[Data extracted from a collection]

====

Lemma sq_tail_le (F g : R -> R) (s y : R) : 0 < s -> s / 2 <= y -> 0 <= F y ->
  F y <= 2 * (expR (- g y) * y ^-2) -> expR (- g s) * s ^-2 / 2 <= F s ->
  s ^+ 2 * F y ^+ 2 <= 128 * expR (g s - 2 * g y) * F s.
Proof.
move=> s0 sy Fy0 Fy_le Fs_ge; have y0 : 0 < y by lra.
set u := expR (- g y); set w := expR (- g s); set v := s^-1.
have u0 : 0 <= u := expR_ge0 _.
have sv : s * v = 1 by rewrite mulfV ?gt_eqF.
have expR_gap : expR (g s - 2 * g y) * w = u ^+ 2.
  by rewrite /w -expRD -expRM_natl; congr expR; ring.
have Fy_le' : F y <= 8 * u * v ^+ 2.
  have yv : y^-1 <= 2 * v by rewrite -invf_div lef_pV2 ?posrE //; lra.
  have yv2 : y ^-2 <= 4 * v ^+ 2.
    have yv0 : 0 <= y^-1 by rewrite invr_ge0 ltW.
    rewrite -exprVn (_ : 4 * v ^+ 2 = (2 * v) ^+ 2); last by ring.
    by rewrite ler_sqr ?nnegrE // (le_trans yv0 yv).
  apply: le_trans Fy_le _; rewrite (_ : 8 * u * v ^+ 2 = 2 * (u * (4 * v ^+ 2))).
    by rewrite ler_pM2l // ler_wpM2l.
  by ring.
have lhs : s ^+ 2 * F y ^+ 2 <= 64 * u ^+ 2 * v ^+ 2.
  have -> : 64 * u ^+ 2 * v ^+ 2 = s ^+ 2 * (8 * u * v ^+ 2) ^+ 2.
    transitivity (64 * u ^+ 2 * v ^+ 2 * (s * v) ^+ 2); last by ring.
    by rewrite sv expr1n mulr1.
  apply: ler_wpM2l; first exact: sqr_ge0.
  by rewrite ler_sqr ?nnegrE // mulr_ge0 ?sqr_ge0 // mulr_ge0.
have Fs_ge' : w * v ^+ 2 <= 2 * F s.
  by rewrite /v exprVn -ler_pdivrMl // mulrC.
apply: le_trans lhs _; rewrite -expR_gap.
rewrite (_ : 128 * _ * F s = 64 * expR (g s - 2 * g y) * (2 * F s)); last by ring.
by rewrite -!mulrA; apply: ler_wpM2l => //; apply: ler_wpM2l; rewrite ?expR_ge0.
Qed.

Lemma natr_sqr_truncn_le (z : R) : 0 <= z -> ((Num.truncn z ^ 2)%:R : R) <= z ^+ 2.
Proof. by move=> z0; rewrite natrX ler_sqr ?nnegrE // truncn_le. Qed.

Lemma zfunE (a delta x : R) : 0 < a -> 0 <= x ->
  zfun a delta x = (1 + delta / Num.sqrt (2 * a)) / a * Num.sqrt (2 * a * x).
Proof.
move=> a0 x0; have sa0 : 0 < Num.sqrt (2 * a) by rewrite sqrtr_gt0 mulr_gt0.
by rewrite /zfun sqrtrM ?mulr_ge0 ?ltW //; field; rewrite !gt_eqF.
Qed.

End real_asymptotics.

Section yfun_asymptotics.
Variables (R : realType) (a C0 gam : R) (g : R -> R).
Hypotheses (a_gt0 : 0 < a) (C0_gt0 : 0 < C0) (gam_le1 : gam <= 1).
Hypothesis g_powR_nonincr :
  forall u v, 0 < u -> u <= v -> g v / v `^ gam <= g u / u `^ gam.
Hypothesis g_ge_ln : forall K, 0 < K -> \forall t \near +oo, K * ln t <= g t.

Local Notation s x := (Num.sqrt (2 * a * x)).
Local Notation y x := (yfun a C0 g x).

Lemma g_sqrt_sub_ln_cvgy : (g (s x) - 2 * C0 * ln x) @[x --> +oo] --> +oo.
Proof.
have a2 : 0 < 2 * a by rewrite mulr_gt0.
have K0 : 0 < 4 * C0 + 1 by rewrite addr_gt0 // mulr_gt0.
apply/cvgryPge => A; near=> x.
have x0 : 0 < x by near: x; exact: nbhs_pinfty_gt (num_real _).
have g_ge : (4 * C0 + 1) * ln (s x) <= g (s x).
  by near: x; exact: near_sqrtr_mul a2 (g_ge_ln K0).
have ln_ge : A - 2 * C0 * ln (2 * a) <= 1 * ln (s x).
  by near: x; exact: near_sqrtr_mul a2 (near_le_mulr_ln _ ltr01).
rewrite (ln_sqrtr_mul a2 x0); lra.
Unshelve. all: end_near. Qed.

Lemma yfunE x : y x = s x * (1 - C0 * ln x / g (s x)).
Proof. by rewrite /yfun /hfun; ring. Qed.

Lemma near_yfun_bounds : \forall x \near +oo,
  s x / 2 <= y x <= s x /\ g (s x) - C0 * ln x <= g (y x).
Proof.
near=> x.
have x1 : 1 <= x by near: x; exact: nbhs_pinfty_ge (num_real _).
have gap : 1 <= g (s x) - 2 * C0 * ln x.
  by near: x; move/cvgryPge : g_sqrt_sub_ln_cvgy; apply.
have lnx0 : 0 <= ln x by exact: ln_ge0.
have gs0 : 0 < g (s x).
  have : 0 <= 2 * C0 * ln x by rewrite !mulr_ge0 // ltW.
  lra.
have s0 : 0 < s x by rewrite sqrtr_gt0 !mulr_gt0 // (lt_le_trans ltr01).
pose r := C0 * ln x / g (s x).
have r0 : 0 <= r by rewrite divr_ge0 // ?(ltW gs0) // mulr_ge0 // ltW.
have r_le : r <= 1 / 2 by rewrite ler_pdivrMr //; lra.
have yE : y x = s x * (1 - r) := yfunE x.
have ys : y x <= s x by rewrite yE; nra.
have sy : s x / 2 <= y x by rewrite yE; nra.
split; first by apply/andP.
have gr : g (s x) * (y x / s x) = g (s x) - C0 * ln x.
  by rewrite yE [s x * _]mulrC mulfK ?gt_eqF // mulrBr mulr1 /r mulrCA mulfV ?gt_eqF ?mulr1.
rewrite -gr; apply: mul_ratio_le_of_nonincr_powR g_powR_nonincr gam_le1 _ ys (ltW gs0).
lra.
Unshelve. all: end_near. Qed.

Lemma yfun_cvgy : y x @[x --> +oo] --> +oo.
Proof.
have s_cvgy : s x @[x --> +oo] --> +oo by apply: sqrtr_mul_cvgy; rewrite mulr_gt0.
apply/cvgryPge => A; near=> x.
have [/andP[sy _] _] : s x / 2 <= y x <= s x /\ g (s x) - C0 * ln x <= g (y x).
  by near: x; exact: near_yfun_bounds.
suff : 2 * A <= s x by lra.
by near: x; move/cvgryPge : s_cvgy; apply.
Unshelve. all: end_near. Qed.

Lemma twice_g_yfun_sub_cvgy : (2 * g (y x) - g (s x)) @[x --> +oo] --> +oo.
Proof.
apply/cvgryPge => A; near=> x.
have [_ gy] : s x / 2 <= y x <= s x /\ g (s x) - C0 * ln x <= g (y x).
  by near: x; exact: near_yfun_bounds.
suff : A <= g (s x) - 2 * C0 * ln x by lra.
by near: x; move/cvgryPge : g_sqrt_sub_ln_cvgy; apply.
Unshelve. all: end_near. Qed.

Variable F : R -> R.
Hypothesis F_ge0 : forall t, 0 <= F t.
Hypothesis F_equiv : (F x / (expR (- g x) * x ^-2)) @[x --> +oo] --> (1 : R).

Lemma near_sqr_mul_tail_yfun_le (c eps : R) : 0 < c -> 0 < eps ->
  \forall x \near +oo, (c * s x) ^+ 2 * F (y x) ^+ 2 <= eps * F (s x).
Proof.
move=> c_gt0 eps_gt0; have a2 : 0 < 2 * a by rewrite mulr_gt0.
pose E t := expR (- g t) * t ^-2.
have tail : \forall t \near +oo, E t / 2 <= F t <= 2 * E t.
  apply: cvg_ratio1_near_bounds F_equiv _; near=> t.
  have t0 : 0 < t by near: t; exact: nbhs_pinfty_gt (num_real _).
  by rewrite mulr_gt0 ?expR_gt0 // invr_gt0 exprn_gt0.
near=> x.
have s0 : 0 < s x.
  by rewrite sqrtr_gt0 mulr_gt0 //; near: x; exact: nbhs_pinfty_gt (num_real _).
have /(_ _)[//|/andP[sy _] _] := near near_yfun_bounds x.
have /andP[_ Fy_le] : E (y x) / 2 <= F (y x) <= 2 * E (y x).
  by near: x; exact: yfun_cvgy _ tail.
have /andP[Fs_ge _] : E (s x) / 2 <= F (s x) <= 2 * E (s x).
  by near: x; exact: (sqrtr_mul_cvgy a2) _ tail.
have k0 : 0 < 128 * c ^+ 2 by rewrite mulr_gt0 // exprn_gt0.
have exp_le : 128 * c ^+ 2 * expR (g (s x) - 2 * g (y x)) <= eps.
  rewrite mulrC -ler_pdivlMr // -[leRHS]lnK ?posrE ?divr_gt0 // ler_expR.
  suff : - ln (eps / (128 * c ^+ 2)) <= 2 * g (y x) - g (s x) by lra.
  by near: x; move/cvgryPge : twice_g_yfun_sub_cvgy; apply.
have := sq_tail_le s0 sy (F_ge0 _) Fy_le Fs_ge.
move: exp_le; set S := s x; set Y := y x => exp_le tail_le.
rewrite exprMn -mulrA; apply: le_trans (ler_wpM2l (sqr_ge0 c) tail_le) _.
rewrite !mulrA ler_wpM2r //; apply: le_trans exp_le.
by rewrite -mulrA mulrCA mulrA.
Unshelve. all: end_near. Qed.

End yfun_asymptotics.

Section measurable_comparisons.
Context d (T : measurableType d) (R : realType).
Implicit Types f g : T -> R.

Lemma measurable_ltr_set f g : measurable_fun setT f -> measurable_fun setT g ->
  measurable [set t | f t < g t].
Proof.
move=> mf mg; rewrite -[X in measurable X]setTI.
exact: (measurable_fun_ltr mf mg measurableT (Y := [set true])).
Qed.

Lemma measurable_ler_set f g : measurable_fun setT f -> measurable_fun setT g ->
  measurable [set t | f t <= g t].
Proof.
move=> mf mg; rewrite -[X in measurable X]setTI.
exact: (measurable_fun_ler mf mg measurableT (Y := [set true])).
Qed.

Lemma measurable_bigmaxr (I : Type) (s : seq I) (f0 : T -> R) (h : I -> T -> R) :
  measurable_fun setT f0 -> (forall i, measurable_fun setT (h i)) ->
  measurable_fun setT (fun t => \big[Num.max/f0 t]_(i <- s) h i t).
Proof.
move=> mf0 mh; elim: s => [|i s IHs].
  by under eq_fun do rewrite big_nil.
under eq_fun do rewrite big_cons; exact: measurable_maxr.
Qed.

End measurable_comparisons.

Section random_walk.
Context d (T : measurableType d) (R : realType) (P : probability T R)
  (X : nat -> {RV P >-> R}).

Lemma measurable_Ssum n : measurable_fun setT (Ssum X n).
Proof. exact: measurable_sum. Qed.

Lemma measurable_Asum n : measurable_fun setT (Asum X n).
Proof. by apply: measurable_sum => k; exact: measurable_Ssum. Qed.

Lemma measurable_Xmax n : measurable_fun setT (Xmax X n).
Proof. exact: measurable_bigmaxr. Qed.

Lemma measurable_is_tau n : measurable [set t | is_tau X t n].
Proof.
case: n => [|n].
  by rewrite (_ : [set t | _] = set0) //; apply/seteqP; split => t // [].
rewrite (_ : [set t | _] = [set t | Ssum X n.+1 t <= 0] `&`
    \bigcap_(m in [set m | (1 <= m < n.+1)%N]) [set t | 0 < Ssum X m t]).
  apply: measurableI.
    by apply: measurable_ler_set; [exact: measurable_Ssum | exact: measurable_cst].
  apply: bigcap_measurableType => m _.
  by apply: measurable_ltr_set; [exact: measurable_cst | exact: measurable_Ssum].
apply/seteqP; split => t /=.
  by move=> [_ Sn Sm]; split => // m /andP[]; exact: Sm.
by move=> [Sn Sm]; split => // m m1 mn; apply: Sm; rewrite /= m1.
Qed.

Definition two_exceedances (M : nat) (y : R) : set T :=
  [set t | exists k l, [/\ k != l, (k < M)%N, (l < M)%N, y < X k t & y < X l t]].

Definition exceedance_pair (y : R) (k l : nat) : set T :=
  if k != l then [set t | y < X k t] `&` [set t | y < X l t] else set0.

Lemma two_exceedancesE M y : two_exceedances M y =
  \bigcup_(k < M) \bigcup_(l < M) exceedance_pair y k l.
Proof.
apply/seteqP; split => t /=.
  move=> [k [l [kl kM lM yk yl]]]; exists k => //; exists l => //.
  by rewrite /exceedance_pair kl.
move=> [k /= kM] [l /= lM]; rewrite /exceedance_pair.
by case: ifP => // kl [yk yl]; exists k, l.
Qed.

Lemma measurable_exceedance_pair y k l : measurable (exceedance_pair y k l).
Proof.
rewrite /exceedance_pair; case: ifP => // _.
by apply: measurableI; apply: measurable_ltr_set.
Qed.

Lemma measurable_two_exceedances M y : measurable (two_exceedances M y).
Proof.
rewrite two_exceedancesE; apply: bigcup_measurable => k _.
by apply: bigcup_measurable => l _; exact: measurable_exceedance_pair.
Qed.

Lemma prob_exceedance_pair_le y k l :
  mutually_independent X -> identically_distributed X ->
  (P (exceedance_pair y k l) <= (Fbar X y ^+ 2)%:E)%E.
Proof.
move=> indep idd; rewrite /exceedance_pair; case: ifPn => [kl|_]; last first.
  by rewrite measure0 lee_fin sqr_ge0.
have m_y : measurable `]y, +oo[%classic by exact: measurable_itv.
have exceedE i : [set t | y < X i t] = X i @^-1` `]y, +oo[.
  by apply/seteqP; split => t /=; rewrite in_itv /= andbT.
have P_exceed i : P [set t | y < X i t] = (Fbar X y)%:E.
  rewrite /Fbar !exceedE idd // fineK // fin_num_measure //.
  exact: measurable_funPTI.
have := indep [:: k; l] (fun=> `]y, +oo[%classic) _ (fun=> m_y).
rewrite /= inE andbT kl => /(_ isT); rewrite !big_cons big_nil mule1 -!exceedE.
rewrite !P_exceed -EFinM -expr2 => <-.
apply: le_measure; rewrite ?inE.
- by apply: measurableI; apply: measurable_ltr_set.
- by apply: bigcap_measurableType => i _; exact: measurable_funPTI.
- by move=> t [yk yl] i; rewrite -exceedE /mkset !inE => /orP[] /eqP ->.
Qed.

Lemma prob_two_exceedances_le M y :
  mutually_independent X -> identically_distributed X ->
  (P (two_exceedances M y) <= ((M ^ 2)%:R * Fbar X y ^+ 2)%:E)%E.
Proof.
move=> indep idd; rewrite two_exceedancesE bigcup_mkord.
apply: le_trans.
  apply: (@Boole_inequality _ _ _ P (fun k => \bigcup_(l < M) exceedance_pair y k l)).
  by move=> k _; apply: bigcup_measurable => l _; exact: measurable_exceedance_pair.
have row_le k : (P (\bigcup_(l < M) exceedance_pair y k l) <=
                 (M%:R * Fbar X y ^+ 2)%:E)%E.
  rewrite bigcup_mkord; apply: le_trans.
    apply: (@Boole_inequality _ _ _ P (exceedance_pair y k)).
    by move=> l _; exact: measurable_exceedance_pair.
  apply: (@le_trans _ _ (\sum_(l < M) (Fbar X y ^+ 2)%:E)).
    by apply: lee_sum => l _; exact: prob_exceedance_pair_le.
  by rewrite sumEFin sumr_const card_ord mulr_natl.
apply: (@le_trans _ _ (\sum_(k < M) (M%:R * Fbar X y ^+ 2)%:E)).
  by apply: lee_sum => k _; exact: row_le.
by rewrite sumEFin sumr_const card_ord natrX expr2 -mulrA !mulr_natl.
Qed.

====

The response must consist of the lines above, from the first one through the line containing "move=> s0 sy", reproduced exactly.

* [The completed task]
Lemma sq_tail_le (F g : R -> R) (s y : R) : 0 < s -> s / 2 <= y -> 0 <= F y ->
  F y <= 2 * (expR (- g y) * y ^-2) -> expR (- g s) * s ^-2 / 2 <= F s ->
  s ^+ 2 * F y ^+ 2 <= 128 * expR (g s - 2 * g y) * F s.
Proof.
move=> s0 sy Fy0 Fy_le Fs_ge; have y0 : 0 < y by lra.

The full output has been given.